A thought experiment
As if this wasn’t bad news enough, there’s another chilling prospect that might make the whole event even more frustrating: no one might ever know that most of these species existed. Say a doomsday event was to shatter human knowledge and civilization as we know it, forcing the survivors to start from square one. Within a couple of generations, common knowledge about the world we take for granted today (like the existence of lions, rhinos or turtles) might vanish. No problem, post-meltdown paleontologist will be able to piece together the puzzle of past existence on Earth by studying fossil remains. According to Roy Plotnick, a palaeontologist at the University of Illinois at Chicago, this might be useless for most animals on Earth.
Of the 715 mammal species listed on the International Union for the Conservation of Nature (IUCN) Red List only 90 of them are represented in the fossil record or 13%. The rest of them will be gone without a trace.
“We assume a lot about the persistence of human recordings. Who can read an 8-inch floppy disk these days? The rock record is a much more persistent way of recording information. I’m a reader of science fiction, and I think about post-apocalyptic worlds. What would we make of what had happened in the long-ago past?” said Plotnick in an interview for Nature.
According to Plotnick, rodents and bats are the most vulnerable at becoming completely forgotten. Body size is an important factor as far as fossils go, but geographical distribution is by far the most significant. You have much less chance of getting caught in the fossil record if you’re only found in one place. Birds and reptiles are also particularly vulnerable, especially island species.

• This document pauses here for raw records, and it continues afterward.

(* With the notation of the context, let $N\ge2$ and $Q^o(\alpha_i)=\theta/(N+i-1)$, $1\le i\le N$, where $\theta>0$ is chosen so that $\sum_iQ^o(\alpha_i)=1$. Then $Q^o(\alpha_i)<Q^*(\alpha_i)+\frac{\lg e}{2N^2}$ for all $i$, and $L(Q^o)<H(p)+D(p\|q)+\frac{\lg e}{2N}$.
   Context: Let $\mathcal S$ be a finite alphabet with $|\mathcal S|\ge2$, $p$ a probability distribution on $\mathcal S$ with $p(s)>0$, $N_s$ ($s\in\mathcal S$) positive integers, $N=\sum_sN_s$, $q(s)=N_s/N$, $\lg=\log_2$, and $\kappa_s=\lceil\lg(N/N_s)\rceil$ (so $\kappa_s\ge1$ and $N\le 2^{\kappa_s}N_s<2N$). Let $\alpha_1,\dots,\alpha_N$ be the states. For a probability distribution $Q$ on $\{\alpha_1,\dots,\alpha_N\}$ define $L(Q)=\sum_s p(s)\sum_{i=1}^N Q(\alpha_i)\ell_s(i)$, where $\ell_s(i)=\kappa_s-1$ if $i\le 2^{\kappa_s}N_s-N$ and $\ell_s(i)=\kappa_s$ otherwise. (This is the average code length of the Yokoo–Dubé-type sAEDS, whose state $\alpha_i$ encodes $s$ with $\ell_s(i)$ bits, when $Q$ is its stationary distribution with states indexed in non-increasing order of $Q$.) $Q^*(\alpha_i)=\lg\frac{N+i}{N+i-1}$, which sums to 1. $H(p)=-\sum p\lg p$, $D(p\|q)=\sum p\lg(p/q)$. *)

From HB Require Import structures.
From mathcomp Require Import all_boot all_order all_algebra.
From mathcomp Require Import all_classical all_reals all_analysis.
Set Implicit Arguments. Unset Strict Implicit. Unset Printing Implicit Defensive.
Import Order.TTheory GRing.Theory Num.Theory.
Local Open Scope ring_scope.

Section Defs.
Variables (R : realType) (S : finType).

Definition lg (x : R) : R := ln x / ln 2.

Definition Ntot (Ns : S -> nat) : nat := (\sum_(s : S) Ns s)%N.

Definition qdist (Ns : S -> nat) (s : S) : R := (Ns s)%:R / (Ntot Ns)%:R.

(* kappa_s = ceil(lg(N / N_s)) (nonnegative, so taken as a nat) *)
Definition kappa (Ns : S -> nat) (s : S) : nat :=
  `| Num.ceil (lg ((Ntot Ns)%:R / (Ns s)%:R)) |%N.

Definition ell (Ns : S -> nat) (s : S) (i : nat) : nat :=
  if (i <= 2 ^ kappa Ns s * Ns s - Ntot Ns)%N then (kappa Ns s).-1 else kappa Ns s.

Definition avg_len (p : S -> R) (Ns : S -> nat) (Q : nat -> R) : R :=
  \sum_(s : S) p s * \sum_(1 <= i < (Ntot Ns).+1) Q i * (ell Ns s i)%:R.

Definition Qstar (N : nat) (i : nat) : R := lg ((N + i)%:R / (N + i - 1)%:R).

Definition theta (N : nat) : R := (\sum_(1 <= i < N.+1) ((N + i - 1)%:R)^-1)^-1.
Definition Qo (N : nat) (i : nat) : R := theta N / (N + i - 1)%:R.

Definition entropy (p : S -> R) : R := - \sum_(s : S) p s * lg (p s).
Definition relent (p q : S -> R) : R := \sum_(s : S) p s * lg (p s / q s).

End Defs.

From HB Require Import structures.
From mathcomp Require Import all_boot all_order all_algebra.
From mathcomp Require Import all_classical all_reals all_analysis.
From mathcomp Require Import ring lra zify.
Import Order.TTheory GRing.Theory Num.Theory.
Local Open Scope ring_scope.

(* Write H(N, M) = 1/N + 1/(N+1) + ... + 1/(N+M-1) ([hsum N M] below), so that
   theta = 1/H(N, N).
   Summing 1/(j+1) <= ln((j+1)/j) < 1/j over j = N, ..., N+M-1 gives
   ln((N+M)/N) <= H(N, M) <= ln((N+M)/N) + 1/N - 1/(N+M); in particular
   ln 2 < H(N, N) <= ln 2 + 1/(2N).

   For the first claim put m = N + i - 1 >= N: then Q^o(i) = theta/m < 1/(m ln 2),
   and ln u >= 2(u-1)/(u+1) at u = (m+1)/m gives 1/m <= ln((m+1)/m) + 1/(2m^2).

   For the second, fix s, put k = kappa_s and M = 2^k N_s - N, so 0 <= M < N.
   As Q^o sums to 1, the expected length of s is k - H(N, M)/H(N, N), while
   lg(N/N_s) = k - ln((N+M)/N)/ln 2; the bounds on H make the difference smaller
   than lg e/(2N). Finally H(p) + D(p||q) = sum_s p(s) lg(N/N_s). *)

Section LnBounds.
Context {R : realType}.
Implicit Types x y k : R.

Lemma ln2_gt0 : 0 < ln (2 : R).
Proof. by rewrite ln_gt0 //; lra. Qed.

Lemma lt_ln1Dx x : -1 < x -> x != 0 -> ln (1 + x) < x.
Proof.
move=> x1 x0; rewrite -[ltRHS]expRK ltr_ln ?posrE ?expR_gt0 //; last lra.
exact: expR_gt1Dx.
Qed.

Lemma ln_ge_1subV y : 0 < y -> 1 - y^-1 <= ln y.
Proof.
move=> y0; have yV0 : 0 < y^-1 by rewrite invr_gt0.
have := le_ln1Dx (_ : -1 < y^-1 - 1); rewrite addrCA subrr addr0 lnV ?posrE //.
by move=> /(_ ltac:(lra)); lra.
Qed.

Lemma ln_ge_ratio x : 1 <= x -> 2 * (x - 1) / (x + 1) <= ln x.
Proof.
move=> x1; pose h : R -> R := ((fun y => y + 1) * @ln R) - (fun y => 2 * (y - 1)).
have h'E y : 0 < y -> is_derive y 1 h (ln y + (y + 1) / y - 2).
  move=> y0; apply: is_derive_eq.
    by apply: is_deriveB; apply: is_deriveM; exact: is_derive1_ln.
  by rewrite /= -![_ *: _]/(_ * _); field; lra.
have h_ndecr : h 1 <= h x.
  apply: (@ger0_derive1_ndecr _ h 1 x) => //.
  - move=> y; rewrite in_itv /= => /andP[y1 _].
    by have [] := h'E y ltac:(lra).
  - move=> y; rewrite in_itv /= => /andP[y1 _].
    rewrite derive1E; have [_ ->] := h'E y ltac:(lra).
    have := @ln_ge_1subV y ltac:(lra).
    have -> : (y + 1) / y = 1 + y^-1 by field; lra.
    lra.
  - apply: derivable_within_continuous => y; rewrite in_itv /= => /andP[y1 _].
    by have [] := h'E y ltac:(lra).
rewrite /h !fctE ln1 mulr0 !subrr mulr0 subr0 in h_ndecr.
rewrite ler_pdivrMr; lra.
Qed.

Lemma ln_succ_lt k : 0 < k -> ln ((k + 1) / k) < k^-1.
Proof.
move=> k0; have kV0 : 0 < k^-1 by rewrite invr_gt0.
rewrite (_ : (k + 1) / k = 1 + k^-1); last by field; lra.
by apply: lt_ln1Dx; rewrite ?gt_eqF //; lra.
Qed.

Lemma invS_le_ln_succ k : 0 < k -> (k + 1)^-1 <= ln ((k + 1) / k).
Proof.
move=> k0; have := @ln_ge_1subV ((k + 1) / k) ltac:(rewrite divr_gt0 //; lra).
by rewrite (_ : 1 - ((k + 1) / k)^-1 = (k + 1)^-1) //; field; lra.
Qed.

Lemma inv_le_ln_succD k : 0 < k -> k^-1 <= ln ((k + 1) / k) + (2 * k ^+ 2)^-1.
Proof.
move=> k0.
have := @ln_ge_ratio ((k + 1) / k) ltac:(rewrite ler_pdivlMr; lra).
rewrite (_ : 2 * ((k + 1) / k - 1) / ((k + 1) / k + 1) = 2 / (2 * k + 1)).
  suff : k^-1 - 2 / (2 * k + 1) <= (2 * k ^+ 2)^-1 by lra.
  rewrite (_ : k^-1 - 2 / (2 * k + 1) = (k * (2 * k + 1))^-1); last by field; lra.
  by rewrite lef_pV2 ?posrE; nra.
by field; lra.
Qed.
End LnBounds.

Section HarmonicBlock.
Variable R : realType.

Definition hsum (N M : nat) : R := \sum_(1 <= i < M.+1) ((N + i - 1)%:R)^-1.

Lemma hsum0 N : hsum N 0 = 0.
Proof. by rewrite /hsum big_geq. Qed.

Lemma hsumS N M : hsum N M.+1 = hsum N M + ((N + M)%:R)^-1.
Proof. by rewrite /hsum big_nat_recr //= addnS subn1. Qed.

Lemma ln_ratioS N M : (0 < N)%N ->
  ln ((N + M.+1)%:R / N%:R) =
  ln ((N + M)%:R / N%:R) + ln (((N + M)%:R + 1) / (N + M)%:R) :> R.
Proof.
move=> N0; have N0' : 0 < N%:R :> R by rewrite ltr0n.
have NM0 : 0 < (N + M)%:R :> R by rewrite ltr0n; lia.
rewrite -lnM ?posrE ?divr_gt0 ?addr_gt0 //.
by rewrite addnS -addn1 natrD; congr ln; field; lra.
Qed.

Lemma ln_le_hsum N M : (0 < N)%N -> ln ((N + M)%:R / N%:R) <= hsum N M.
Proof.
move=> N0; have N0' : N%:R != 0 :> R by rewrite pnatr_eq0 -lt0n.
elim: M => [|M IH]; first by rewrite hsum0 addn0 divff // ln1.
have NM0 : 0 < (N + M)%:R :> R by rewrite ltr0n; lia.
by rewrite hsumS ln_ratioS //; have := ln_succ_lt _ NM0; lra.
Qed.

Lemma ln_lt_hsum N M : (0 < N)%N -> (0 < M)%N -> ln ((N + M)%:R / N%:R) < hsum N M.
Proof.
case: M => // M N0 _; have NM0 : 0 < (N + M)%:R :> R by rewrite ltr0n; lia.
rewrite hsumS ln_ratioS //.
by have := ln_le_hsum N M N0; have := ln_succ_lt _ NM0; lra.
Qed.

Lemma hsum_le_ln N M : (0 < N)%N ->
  hsum N M <= ln ((N + M)%:R / N%:R) + (N%:R)^-1 - ((N + M)%:R)^-1.
Proof.
move=> N0; have N0' : N%:R != 0 :> R by rewrite pnatr_eq0 -lt0n.
elim: M => [|M IH]; first by rewrite hsum0 addn0 divff // ln1 add0r subrr.
have NM0 : 0 < (N + M)%:R :> R by rewrite ltr0n; lia.
rewrite hsumS ln_ratioS // addnS -natr1.
by have := invS_le_ln_succ _ NM0; lra.
Qed.

Lemma ln_ratio_itv N M : (0 < N)%N -> (M <= N)%N ->
  0 <= ln ((N + M)%:R / N%:R : R) <= ln 2.
Proof.
move=> N0 MN; have N0' : 0 < N%:R :> R by rewrite ltr0n.
rewrite ln_ge0 ?ler_pdivlMr ?mul1r ?ler_nat ?leq_addr //=.
rewrite ler_ln ?posrE ?divr_gt0 ?ltr0n ?addn_gt0 ?N0 // ler_pdivrMr //.
by rewrite -natrM ler_nat; lia.
Qed.

Lemma ln2_lt_hsum N : (0 < N)%N -> ln 2 < hsum N N.
Proof.
move=> N0; have N0' : 0 < N%:R :> R by rewrite ltr0n.
by have := ln_lt_hsum N N N0 N0; rewrite natrD (_ : (_ + _) / _ = 2) //; field; lra.
Qed.

Lemma hsum_le_ln2 N : (0 < N)%N -> hsum N N <= ln 2 + (2 * N%:R)^-1.
Proof.
move=> N0; have N0' : 0 < N%:R :> R by rewrite ltr0n.
have := hsum_le_ln N N N0; rewrite natrD (_ : (_ + _) / _ = 2); last by field; lra.
have : N%:R^-1 - (N%:R + N%:R)^-1 = (2 * N%:R)^-1 :> R by field; lra.
lra.
Qed.
End HarmonicBlock.

Section QoSums.
Variable R : realType.

Lemma thetaE N : theta R N = (hsum R N N)^-1.
Proof. by []. Qed.

Lemma sum_Qo_prefix N M : (M <= N)%N ->
  \sum_(1 <= i < N.+1) (if (i <= M)%N then Qo R N i else 0) = theta R N * hsum R N M.
Proof.
move=> MN; rewrite (@big_cat_nat _ _ _ M.+1) //= [X in _ + X]big_nat_cond.
rewrite [X in _ + X]big1 ?addr0.
  by rewrite /hsum mulr_sumr; apply: eq_big_nat => i /andP[_]; rewrite ltnS => ->.
by move=> i /andP[/andP[Mi _] _]; rewrite leqNgt Mi.
Qed.

Lemma sum_Qo N : (0 < N)%N -> \sum_(1 <= i < N.+1) Qo R N i = 1.
Proof.
move=> N0; have hN0 := lt_trans ln2_gt0 (ln2_lt_hsum R N N0).
rewrite -[RHS](mulVf (lt0r_neq0 hN0)) -thetaE -sum_Qo_prefix //.
by apply: eq_big_nat => i /andP[_]; rewrite ltnS => ->.
Qed.

Lemma sum_Qo_len N M k : (0 < N)%N -> (M <= N)%N -> (0 < k)%N ->
  \sum_(1 <= i < N.+1) Qo R N i * (if (i <= M)%N then k.-1 else k)%:R =
  k%:R - theta R N * hsum R N M.
Proof.
move=> N0 MN k0; rewrite -sum_Qo_prefix // -[k%:R]mulr1 -[X in _ * X](sum_Qo _ N0).
rewrite mulr_sumr -sumrB; apply: eq_bigr => i _; case: ifP => _.
  by rewrite -subn1 natrB // mulrBr mulr1 mulrC.
by rewrite subr0 mulrC.
Qed.
End QoSums.

Section BinaryLog.
Context {R : realType}.

Lemma lg_expR1 : lg (expR 1) = (ln 2)^-1 :> R.
Proof. by rewrite /lg expRK mul1r. Qed.

Lemma lg_pow2 k : lg (2 ^ k)%:R = k%:R :> R.
Proof. by rewrite /lg natrX lnXn // -[_ *+ k]mulr_natl mulfK ?gt_eqF ?ln2_gt0. Qed.

Lemma ler_lg : {in Num.pos &, {mono @lg R : x y / x <= y}}.
Proof. by move=> x y x0 y0; rewrite /lg ler_pM2r ?invr_gt0 ?ln2_gt0 // ler_ln. Qed.

Lemma ltr_lg : {in Num.pos &, {mono @lg R : x y / x < y}}.
Proof. by move=> x y x0 y0; rewrite /lg ltr_pM2r ?invr_gt0 ?ln2_gt0 // ltr_ln. Qed.

Lemma absz_ceil_bounds (y : R) : 0 < y ->
  [/\ (0 < `|Num.ceil y|)%N, `|Num.ceil y|%:R - 1 < y & y <= `|Num.ceil y|%:R].
Proof.
move=> y0; have c0 : (0 < Num.ceil y)%R by rewrite ceil_gt0.
have kE : `|Num.ceil y|%:R = (Num.ceil y)%:~R :> R by rewrite natr_absz gtr0_norm.
have /andP[c1 c2] := ceil_itv y.
by rewrite absz_gt0 gt_eqF // kE; split => //; rewrite intrB in c1.
Qed.

Lemma kappa_bounds (S : finType) (Ns : S -> nat) (s : S) :
  (0 < Ns s)%N -> (Ns s < Ntot Ns)%N ->
  [/\ (0 < kappa R Ns s)%N, (Ntot Ns <= 2 ^ kappa R Ns s * Ns s)%N
    & (2 ^ kappa R Ns s * Ns s < 2 * Ntot Ns)%N].
Proof.
rewrite /kappa; set N := Ntot Ns; set n := Ns s => n0 nN.
have Nn0 : 0 < N%:R / n%:R :> R by rewrite divr_gt0 ?ltr0n //; lia.
have pow0 j : 0 < (2 ^ j)%:R :> R by rewrite ltr0n expn_gt0.
have lg0 : 0 < lg (N%:R / n%:R : R).
  by rewrite /lg divr_gt0 ?ln2_gt0 // ln_gt0 // ltr_pdivlMr ?ltr0n // mul1r ltr_nat.
have [k0 c1 c2] := absz_ceil_bounds _ lg0; set k := `|_|%N in k0 c1 c2 *.
split => //.
  move: c2; rewrite -[k%:R]lg_pow2 ler_lg ?posrE // ler_pdivrMr ?ltr0n //.
  by rewrite -natrM ler_nat.
move: c1; rewrite -(prednK k0) -natr1 addrK -[k.-1%:R]lg_pow2 ltr_lg ?posrE //.
by rewrite ltr_pdivlMr ?ltr0n // -natrM ltr_nat expnS -mulnA ltn_pmul2l.
Qed.
End BinaryLog.

Section CodeLength.
Variable R : realType.

Lemma div_lt_div_add {L a b t d : R} : 0 < L -> L < a -> a <= L + d ->
  0 <= t <= L -> t <= b -> t / L < b / a + d / L.
Proof.
move=> L0 La ad /andP[t0 tL] tb; have a0 : 0 < a by lra.
rewrite -(ltr_pM2r (mulr_gt0 L0 a0)) mulrDl.
have -> : t / L * (L * a) = t * a by field; lra.
have -> : b / a * (L * a) = b * L by field; lra.
have -> : d / L * (L * a) = d * a by field; lra.
nra.
Qed.

Lemma code_len_lt_pow2 (N n k : nat) :
  (0 < n)%N -> (0 < k)%N -> (N <= 2 ^ k * n < 2 * N)%N ->
  \sum_(1 <= i < N.+1) Qo R N i * (if (i <= 2 ^ k * n - N)%N then k.-1 else k)%:R <
  lg (N%:R / n%:R : R) + lg (expR 1) / (2 * N%:R).
Proof.
move=> n0 k0 /andP[Nle ltN2]; set M := (2 ^ k * n - N)%N.
have N0 : (0 < N)%N by lia.
have MN : (M <= N)%N by lia.
have lgE : lg (N%:R / n%:R : R) = k%:R - ln ((N + M)%:R / N%:R : R) / ln 2.
  have NM0 : 0 < (N + M)%:R / N%:R :> R by rewrite divr_gt0 ?ltr0n ?addn_gt0 ?N0.
  have pow0 : 0 < (2 ^ k)%:R :> R by rewrite ltr0n expn_gt0.
  rewrite -[k%:R]lg_pow2 /lg -mulrBl -ln_div ?posrE //.
  rewrite (_ : (N + M)%N = 2 ^ k * n)%N; last by lia.
  by congr (ln _ / _); rewrite natrM; field; rewrite !pnatr_eq0 -!lt0n n0 N0 expn_gt0.
have := div_lt_div_add ln2_gt0 (ln2_lt_hsum R N N0) (hsum_le_ln2 R N N0)
  (ln_ratio_itv R N M N0 MN) (ln_le_hsum R N M N0).
rewrite sum_Qo_len // thetaE lgE lg_expR1 mulrC [(ln 2)^-1 / _]mulrC; lra.
Qed.

Lemma code_len_lt (S : finType) (Ns : S -> nat) (s : S) :
  (0 < Ns s)%N -> (Ns s < Ntot Ns)%N ->
  \sum_(1 <= i < (Ntot Ns).+1) Qo R (Ntot Ns) i * (ell R Ns s i)%:R <
  lg ((Ntot Ns)%:R / (Ns s)%:R : R) + lg (expR 1) / (2 * (Ntot Ns)%:R).
Proof.
move=> n0 nN; have [k0 Nle ltN2] := @kappa_bounds R _ _ _ n0 nN.
by apply: code_len_lt_pow2; rewrite ?Nle.
Qed.
End CodeLength.

Lemma Qo_lt_Qstar (R : realType) (N i : nat) : (0 < N)%N -> (1 <= i <= N)%N ->
  Qo R N i < Qstar R N i + lg (expR 1) / (2 * N%:R ^+ 2).
Proof.
move=> N0 /andP[i1 iN]; rewrite /Qo /Qstar lg_expR1 {1}/lg.
have -> : (N + i)%:R = (N + i - 1)%:R + 1 :> R by rewrite natr1; congr _%:R; lia.
set m : R := (N + i - 1)%:R; have Nm : N%:R <= m by rewrite ler_nat; lia.
have N0' : 0 < N%:R :> R by rewrite ltr0n.
have m0 : 0 < m by lra.
have hN0 := ln2_lt_hsum R N N0.
have theta_lt : theta R N < (ln 2)^-1.
  by rewrite thetaE ltf_pV2 ?posrE ?ln2_gt0 // (lt_trans ln2_gt0 hN0).
have m_sq : (2 * m ^+ 2)^-1 <= (2 * N%:R ^+ 2)^-1 by rewrite lef_pV2 ?posrE; nra.
have := inv_le_ln_succD _ m0; set l := ln _ => hm.
apply: (@lt_le_trans _ _ ((ln 2)^-1 * m^-1)); first by rewrite ltr_pM2r ?invr_gt0.
have -> : l / ln 2 + (ln 2)^-1 / (2 * N%:R ^+ 2) = (ln 2)^-1 * (l + (2 * N%:R ^+ 2)^-1).
  by ring.
by rewrite ler_pM2l ?invr_gt0 ?ln2_gt0 //; lra.
Qed.

Lemma Ns_lt_Ntot (S : finType) (Ns : S -> nat) (s : S) :
  (2 <= #|S|)%N -> (forall t, 0 < Ns t)%N -> (Ns s < Ntot Ns)%N.
Proof.
move=> S2 Ns0; rewrite /Ntot (bigD1 s) //= -[ltnLHS]addn0 ltn_add2l.
apply: (@leq_trans (\sum_(t | t != s) 1)%N); first by rewrite sum1_card cardC1; lia.
by apply: leq_sum => t _; exact: Ns0.
Qed.

Lemma entropy_add_relent (R : realType) (S : finType) (p : S -> R) (Ns : S -> nat) :
  (forall s, 0 < p s) -> (forall s, 0 < Ns s <= Ntot Ns)%N ->
  entropy p + relent p (qdist R Ns) = \sum_s p s * lg ((Ntot Ns)%:R / (Ns s)%:R).
Proof.
move=> p0 Ns0; rewrite /entropy /relent -sumrN -big_split; apply: eq_bigr => s _ /=.
have /andP[n0 nN] := Ns0 s; have N0 : (0 < Ntot Ns)%N by lia.
by rewrite /lg /qdist !ln_div ?posrE ?divr_gt0 ?ltr0n //; ring.
Qed.

Theorem lemma3 (R : realType) (S : finType) (p : S -> R) (Ns : S -> nat)
  (hS : (2 <= #|S|)%N)
  (hp : forall s, 0 < p s)
  (hp1 : \sum_(s : S) p s = 1)
  (hNs : forall s, (0 < Ns s)%N)
  (hN : (2 <= Ntot Ns)%N) :
  (forall i : nat, (1 <= i <= Ntot Ns)%N ->
     Qo R (Ntot Ns) i < Qstar R (Ntot Ns) i
                        + lg (expR 1) / (2 * (Ntot Ns)%:R ^+ 2)) /\
  avg_len p Ns (Qo R (Ntot Ns)) <
    entropy p + relent p (qdist R Ns) + lg (expR 1) / (2 * (Ntot Ns)%:R).
Proof.
have Ns_lt s := @Ns_lt_Ntot S Ns s hS hNs.
split; first by move=> i; apply: Qo_lt_Qstar; lia.
rewrite entropy_add_relent // => [|s]; last by rewrite hNs ltnW.
set c := lg (expR 1) / _; have -> : c = \sum_s p s * c by rewrite -mulr_suml hp1 mul1r.
rewrite -big_split /avg_len.
have /card_gt0P[s0 _] : (0 < #|S|)%N by lia.
apply: ltr_sum => [|s _]; first by apply/hasP; exists s0.
by rewrite /= -mulrDr ltr_pM2l //; apply: code_len_lt.
Qed.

“As a palaeontologist I think about the appearance and extinction of species — that shows how we do geological time. One big signal is the mass extinction of mammals in North America, Europe and Australia, when hunters arrived. That would be the stratigraphic marker.” Plotnick says.
Plotnick ends his interview by striking a humorous chord – we’ve bred so many pigs all over the world and, consequently, scattered their bones all over the place that a post-current era civilization might conclude this planet was once dominated by hogs. They wouldn’t be that far away from the truth.